The person who mentioned how inappropriate it would be if he accepted a drink from 2 women was right on the money, and you could run with that to show how humiliating (or probably titillating for this guy) it would be if the wife accepted drinks from 2 men and thought they should sit together.
But, why am I acting as if this were a real letter? It's so similar to the article from The Onion, "Why Do All These Homosexuals Keep Sucking My C..."

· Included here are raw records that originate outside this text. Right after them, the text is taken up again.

(* Let $(b,c)$ be a connected graph over a countable set $X$, $G$ a nilpotent group acting cocompactly on $X$ with $H_{b,c}$ $G$-invariant, and $x_0\in X$. Let $R\subseteq G$ be a normal subgroup, $\pi:G\to G/R$ the projection and $Q(R)=\pi^{-1}(Z(G/R))$, where $Z(G/R)$ is the centre. Then for all $f\in\mathcal{K}^R$, $q\in Q(R)$ and $g\in G$ we have $T_qT_gf=T_gT_qf$.
   Context: A graph over $X$ is $(b,c)$ with $b:X\times X\to[0,\infty)$, $c:X\to\mathbb{R}$, $\sum_yb(x,y)<\infty$ ($b$ need not be symmetric); connected: any two points are joined by a finite sequence $y_1,\dots,y_n$ with $b(y_i,y_{i+1})>0$. $H_{b,c}f(x)=\sum_yb(x,y)(f(x)-f(y))+c(x)f(x)$ on $\mathrm{Dom}(H)=\{f:\sum_yb(x,y)|f(y)|<\infty\ \forall x\}$; $\mathcal{H}^+$: nonnegative nonzero $f$ with $Hf=0$. $T_gf(x)=f(g^{-1}x)$; cocompact: $GV=X$ for some finite $V$; $H$ is $G$-invariant if $T_g$ preserves $\mathrm{Dom}(H)$ and $HT_g=T_gH$. $\mathcal{K}$ is the closure in $C(X)$ (product topology) of $\{f\in\mathcal{H}^+:f(x_0)=1\}$ and $\mathcal{K}^R=\{f\in\mathcal{K}:T_rf=f\ \forall r\in R\}$. *)

From HB Require Import structures.
From mathcomp Require Import all_boot all_order all_algebra.
From mathcomp Require Import all_classical all_reals all_analysis.
Set Implicit Arguments. Unset Strict Implicit. Unset Printing Implicit Defensive.
Import Order.TTheory GRing.Theory Num.Theory.
Import numFieldNormedType.Exports.
Local Open Scope classical_set_scope.
Local Open Scope ring_scope.

Section Graphs.
Variables (R : realType) (X : countType).

Definition is_graph (b : X -> X -> R) : Prop :=
  (forall x y, 0 <= b x y) /\
  (forall x, summable [set: X] (fun y => (b x y)%:E)).

Definition graph_connected (b : X -> X -> R) : Prop :=
  forall x y : X, exists s : seq X,
    path (fun u v => 0 < b u v) x s /\ last x s = y.

Definition rsum (h : X -> R) : R :=
  fine (\esum_(y in [set: X]) (Num.max (h y) 0)%:E) -
  fine (\esum_(y in [set: X]) (Num.max (- h y) 0)%:E).

Definition DomH (b : X -> X -> R) (f : X -> R) : Prop :=
  forall x, summable [set: X] (fun y => (b x y * `|f y|)%:E).

Definition Hbc (b : X -> X -> R) (c : X -> R) (f : X -> R) : X -> R :=
  fun x => rsum (fun y => b x y * (f x - f y)) + c x * f x.

Definition Hplus (b : X -> X -> R) (c : X -> R) : set (X -> R) :=
  [set f | DomH b f /\ (forall x, Hbc b c f x = 0) /\
           (forall x, 0 <= f x) /\ f <> (fun _ => 0)].

Definition Kset (b : X -> X -> R) (c : X -> R) (x0 : X) : set (X -> R) :=
  closure ([set f | Hplus b c f /\ f x0 = 1] : set {ptws X -> R}).

End Graphs.

Section Groups.
Local Open Scope group_scope.
Variable G : groupType.

Fixpoint upper_central (n : nat) : set G :=
  match n with
  | 0 => [set 1]
  | n'.+1 => [set x | forall g : G, upper_central n' [~ x, g]]
  end.

Definition nilpotent_group : Prop := exists n, upper_central n = [set: G].

Definition normal_subgroup (N : set G) : Prop :=
  N 1 /\ (forall r s, N r -> N s -> N (r * s^-1)) /\
  (forall g r, N r -> N (r ^ g)).

(* Q(N) = pi^{-1}(Z(G/N)):  pi(q) pi(g) = pi(g) pi(q) in G/N for all g,
   i.e. the cosets (q g) N and (g q) N coincide *)
Definition Qpre (N : set G) : set G :=
  [set q | forall g : G, N ((g * q)^-1 * (q * g))].

Variable X : Type.

Definition is_action (act : G -> X -> X) : Prop :=
  (forall x, act 1 x = x) /\ (forall g h x, act (g * h) x = act g (act h x)).

Definition cocompact (act : G -> X -> X) : Prop :=
  exists V : set X, finite_set V /\
    forall x : X, exists g : G, exists2 v, V v & x = act g v.

Definition Tg {T : Type} (act : G -> X -> X) (g : G) (f : X -> T) : X -> T :=
  fun x => f (act g^-1 x).

End Groups.

Definition G_invariant (R : realType) (X : countType) (G : groupType)
  (act : G -> X -> X) (b : X -> X -> R) (c : X -> R) : Prop :=
  forall g : G, forall f : X -> R, DomH b f ->
    DomH b (Tg act g f) /\ Hbc b c (Tg act g f) = Tg act g (Hbc b c f).

Definition KsetR (R : realType) (X : countType) (G : groupType)
  (act : G -> X -> X) (b : X -> X -> R) (c : X -> R) (x0 : X) (N : set G)
  : set (X -> R) :=
  [set f | Kset b c x0 f /\ forall r, N r -> Tg act r f = f].

From mathcomp Require Import all_boot all_order all_algebra.
From mathcomp Require Import all_classical all_reals all_analysis.

Set Implicit Arguments.
Unset Strict Implicit.
Unset Printing Implicit Defensive.

(* Since [T_q T_g = T_(qg)] and [T_g T_q = T_(gq)], it suffices that
   [qg = gq r] with [r := (gq)^-1 (qg)]; this [r] lies in [N] because [q] is
   central modulo [N], and [f] is invariant under [N]. *)

Local Open Scope group_scope.

Section TranslationOperators.
Variables (G : groupType) (X : Type) (act : G -> X -> X).
Hypothesis act_action : is_action act.

Lemma TgM (T : Type) (g h : G) (f : X -> T) :
  Tg act g (Tg act h f) = Tg act (g * h) f.
Proof.
have [_ actM] := act_action.
by apply: funext => x; rewrite /Tg invgM actM.
Qed.

Lemma Tg_mulr_fixed (T : Type) (g r : G) (f : X -> T) :
  Tg act r f = f -> Tg act (g * r) f = Tg act g f.
Proof. by move=> fixed_f; rewrite -TgM fixed_f. Qed.

End TranslationOperators.

Lemma Qpre_commute_mod (G : groupType) (N : set G) (q g : G) :
  Qpre N q -> exists2 r, N r & q * g = g * q * r.
Proof. by move=> Nq; exists ((g * q)^-1 * (q * g)); [exact: Nq | rewrite mulVKg]. Qed.

Theorem lemma4 (R : realType) (X : countType) (b : X -> X -> R) (c : X -> R)
  (G : groupType) (act : G -> X -> X) (x0 : X) (N : set G) :
  is_graph b -> graph_connected b ->
  nilpotent_group G -> is_action act -> cocompact act ->
  G_invariant act b c ->
  normal_subgroup N ->
  forall f, KsetR act b c x0 N f ->
  forall q, Qpre N q -> forall g : G,
    Tg act q (Tg act g f) = Tg act g (Tg act q f).
Proof.
move=> _ _ _ act_action _ _ _ f [_ N_fixes_f] q Nq g.
have [r Nr qgE] := Qpre_commute_mod g Nq.
rewrite !(TgM act_action) qgE.
exact/(Tg_mulr_fixed act_action)/N_fixes_f.
Qed.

http://www.theonion.com/content/node/33540
I think the main reason people are so upset about J. Courtney Sullivan's article is that they see someone fulfilling a ridiculous stereotype. There's nothing wrong with feminism and an interest in women's issues. Overt hostility and launching into angry tirades against a whole gender on the second date though is unpleasant enough to make anyone who has ever been on a date cringe.
Personally, I feel strongly about the war in Chechnya. However never once on a date did I ever inflict stories of the atrocities and injustices happening there on a poor girl who came out hoping for a nice time.
It's common sense and good manners.
I think the big question is if your wife would really want you to go with her.
If she does and she just wants to have foreign adventures then the marriage has a chance. It sounds like the wife is fairly flaky--she will only work with the Peace Corps but she doesn't seem to be aware of the requirements the Peace Corps has for married volunteers. As somebody else pointed out, she's probably in the honeymoon phase of her foreign-volunteer work (sad that she's not in the honeymoon phase of the marriage after only a year) and is afraid that she'll be giving up her chances of having an exciting life if she returns to the US and settles down with her husband.
My big worry comes from her insistence on joining the Peace Corps and not one of the many other outfits that would allow her to live and work in the developing world. It sounds like the Peace Corps demands that both she and her husband will have to work for them, or she'll have to be single before she goes. If she knows her husband isn't the Peace Corps type this is a convenient excuse for a divorce.
What she needs to do is come home at the end of the summer and you guys need to figure out how to accommodate everyone involved. No reason for a marriage counselor.
You can work it out. She could join the State Department or AID and you could go with her and find a job similar to the one you have in the US; you could stay in the States and your wife could take a job with summers off that would allow her to volunteer abroad every summer; she could go into academia and specialize in the locales and problems that interest her while keeping a base in the US. There are so many ways that you guys could work this out--I know, I'm a little like your wife in my need for foreign adventures and my situation is even more complicated--but if your wife insists on the Peace Corps or nothing, then you married someone who is far too immature and selfish to be in an adult relationship, much less a marriage.
Good luck.
You're actually asking if you should stick with your girlfriend since she was diagnosed with cancer?
Jesus, you're an ass.
But you probably should leave her. Nobody going through a serious illness should have to deal with such a selfish and immature partner.
Are there any adults in America anymore? The LW is 30, not 13. Message to America: Most 30 year olds in the world are raising families, working, supporting people, yet middle class Americans insist that age is a state of mind and at 30 you're still just a kid. You're not. When you turned 18 you became adults, now start acting like it. Turn off your Playstations and start taking care of people besides yourself.